God have mercy on those who would build walls

Who jeer speakers to silence
Jostle and strike those with whom they disagree
Create a climate of fierce intolerance, ideological fanaticism
Where hate becomes a way of life.

All of us must share his concern

For the American dream.
A dream of humanity, free and unafraid.
A dream of people no longer hungry.
A dream of nations no longer at war.

To be any less concerned

To dream any lesser dreams
Would be to betray his life
And mock his death.
With shock at a life so meaninglessly snuffed out.
With dedication to his memory
With re-dedication to his hope

I hear these words and I still shake at their power.   And their poignancy.   Fifty years have passed.    And yet I fear that the world is no further along the path of peace than we were so many decades ago.   In many ways, I still find our world not too advanced from the world of Joseph and his brothers, filled with jealousy and hatred.  Brother casting brother into a pit of darkness.  

The assassination of President John Kennedy is one of those rare historic events: a moment that, even five decades later, feels at-once intensely personal and globally significant. People struggled to fathom the murder of a vibrant national leader, while mourning, often thousands of miles away, along with the young family he left behind.

Communities raised money for memorials. Trade groups sent flowers to the White House. Companies and organizations held moments of silence. Everywhere one looked, there were reminders of the slain president.   Others, expressing their grief in more private ways, wrote letters. Long, flowing tributes to Jackie. To John Jr. and to Caroline. To their own families and friends.
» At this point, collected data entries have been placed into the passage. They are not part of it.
(* Consider a matched pair study ($n_i=2$). Suppose the bounded null $\overline H_0$ holds, $\Gamma^\star_{(k)}\le\Gamma_0$ for some $1\le k\le I$ and $\Gamma_0\in[1,\infty]$, and the statistic $t(\cdot,\cdot)$ is effect increasing or differential increasing. Then $\overline p_{\Gamma_0;k}$, computed with $q_{ij}=q_{ij}(Y)$ (i.e. pretending Fisher's sharp null holds so that $Y(0)=Y$) and $T=t(Z,Y)$, is still a valid $p$-value: $\mathbb P(\overline p_{\Gamma_0;k}\le\alpha)\le\alpha$ for all $\alpha\in(0,1)$.
   Context: Setting: $I$ matched pairs; potential outcomes fixed; $Z\in\mathcal Z=\{z\in\{0,1\}^{2I}:z_{i1}+z_{i2}=1\ \forall i\}$ random with true mechanism $\mathbb P(Z=z)=\prod_i\prod_j(p^\star_{ij})^{z_{ij}}$, $p^\star_{i1}+p^\star_{i2}=1$; $\Gamma^\star_i=\max_jp^\star_{ij}/\min_kp^\star_{ik}\in[1,\infty]$, $\Gamma^\star_{(k)}$ its $k$th smallest. Observed $Y=Z\circ Y(1)+(1-Z)\circ Y(0)$ ($\circ$ = elementwise product). Bounded null $\overline H_0$: $Y_{ij}(1)\le Y_{ij}(0)$ for all $i,j$. The statistic has the form $t(z,y)=\sum_i\sum_jz_{ij}q_{ij}(y)$ for functions $q_{ij}:\mathbb R^{2I}\to\mathbb R$. Effect increasing: $t(z,y+z\circ\eta+(1-z)\circ\xi)\ge t(z,y)$ for all $z\in\mathcal Z$, $y,\eta,\xi$ with $\eta\succcurlyeq0\succcurlyeq\xi$. Differential increasing: $t(z,y+a\circ\eta)-t(z,y)\le t(a,y+a\circ\eta)-t(a,y)$ for all $z,a\in\mathcal Z$, $y$, and $\eta\succcurlyeq0$. With $q_{ij}=q_{ij}(Y)$: $\mathcal I_k$ is a set of $k$ pairs with smallest $|q_{i1}-q_{i2}|$; $\overline T(\Gamma_0;k)$ is a sum of independent variables equal, for $i\in\mathcal I_k$, to $\max\{q_{i1},q_{i2}\}$ w.p. $\Gamma_0/(1+\Gamma_0)$ (w.p. 1 if $\Gamma_0=\infty$) and $\min\{q_{i1},q_{i2}\}$ otherwise, and for $i\notin\mathcal I_k$ to $\max\{q_{i1},q_{i2}\}$ w.p. 1; $\overline p_{\Gamma_0;k}=\mathbb P(\overline T(\Gamma_0;k)\ge c)|_{c=T}$ with $q_{ij}$ held fixed. *)

From HB Require Import structures.
From mathcomp Require Import all_boot all_order all_algebra.
From mathcomp Require Import constructive_ereal.
Set Implicit Arguments. Unset Strict Implicit. Unset Printing Implicit Defensive.
Import Order.TTheory GRing.Theory Num.Theory.
Local Open Scope ring_scope.

(* Pairs are indexed by i : 'I_I, units within a pair by j : 'I_2.
   A vector in R^{2I} is a function 'I_I -> 'I_2 -> R. *)
Definition vec (R : Type) (I : nat) := 'I_I -> 'I_2 -> R.

(* An element of the assignment space \mathcal Z is encoded by the index of the
   treated unit in each pair; [zv z] is the corresponding 0/1 vector z_{ij}. *)
Definition assign (I : nat) := {ffun 'I_I -> 'I_2}.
Writing, it seemed, helped ease the pain.

“Ask not what your country can do for you; ask what you can do for your country,” Kennedy urged Americans in his thick Boston accent at his inaugural address on January 20, 1961.    Cut down at the age of 46, Kennedy’s unfulfilled promise has become a symbol of the lost nobility of politics.

He was a president who enlisted the nation in lofty goals — like putting a man on the Moon — “not because they are easy, but because they are hard.”

And he declared that we “will be remembered not for our victories or defeats in battle or in politics, but for our contribution to the human spirit.”  President Obama recently said; “In his idealism, his sober, square-jawed idealism, we are reminded that the power to change this country is ours.”

This is a reflective time.   Whenever we meet an important milestone, where memories collide with the present, we often find ourselves reflecting on the dreams of our youth.   This message, Kennedy’s dream, must not become another unrequited moment in the human consciousness.   We have to be reminded at these moments that every individual matters, that democratic values matter, that kind and gentle discourse matters, that working together matters, that the future matters.    It’s the same message of Joseph and his brothers.   The future will not be found in jealousy and hatred, it can only be found in reconciliation and peace.  

In this sacred moment, on this historic day, let us turn to the values which bind us together and work together to secure a world free of hatred and violence … a world filled with understand and open discourse … a world of wholeness and peace.

I want to close with the concluding words of the speech that Kennedy never gave on that fateful day 50 years ago.   His life may have been tragically ended, but his message and voice still speaks volumes today.  

“We in this country, in this generation, are — by destiny rather than choice — the watchmen on the walls of world freedom. We ask, therefore, that we may be worthy of our power and responsibility, that we may exercise our strength with wisdom and restraint, and that we may achieve in our time and for all time the ancient vision of “peace on earth, good will toward men.” That must always be our goal, and the righteousness of our cause must always underlie our strength.”

Zichrono Baruch … May his memory be a blessing.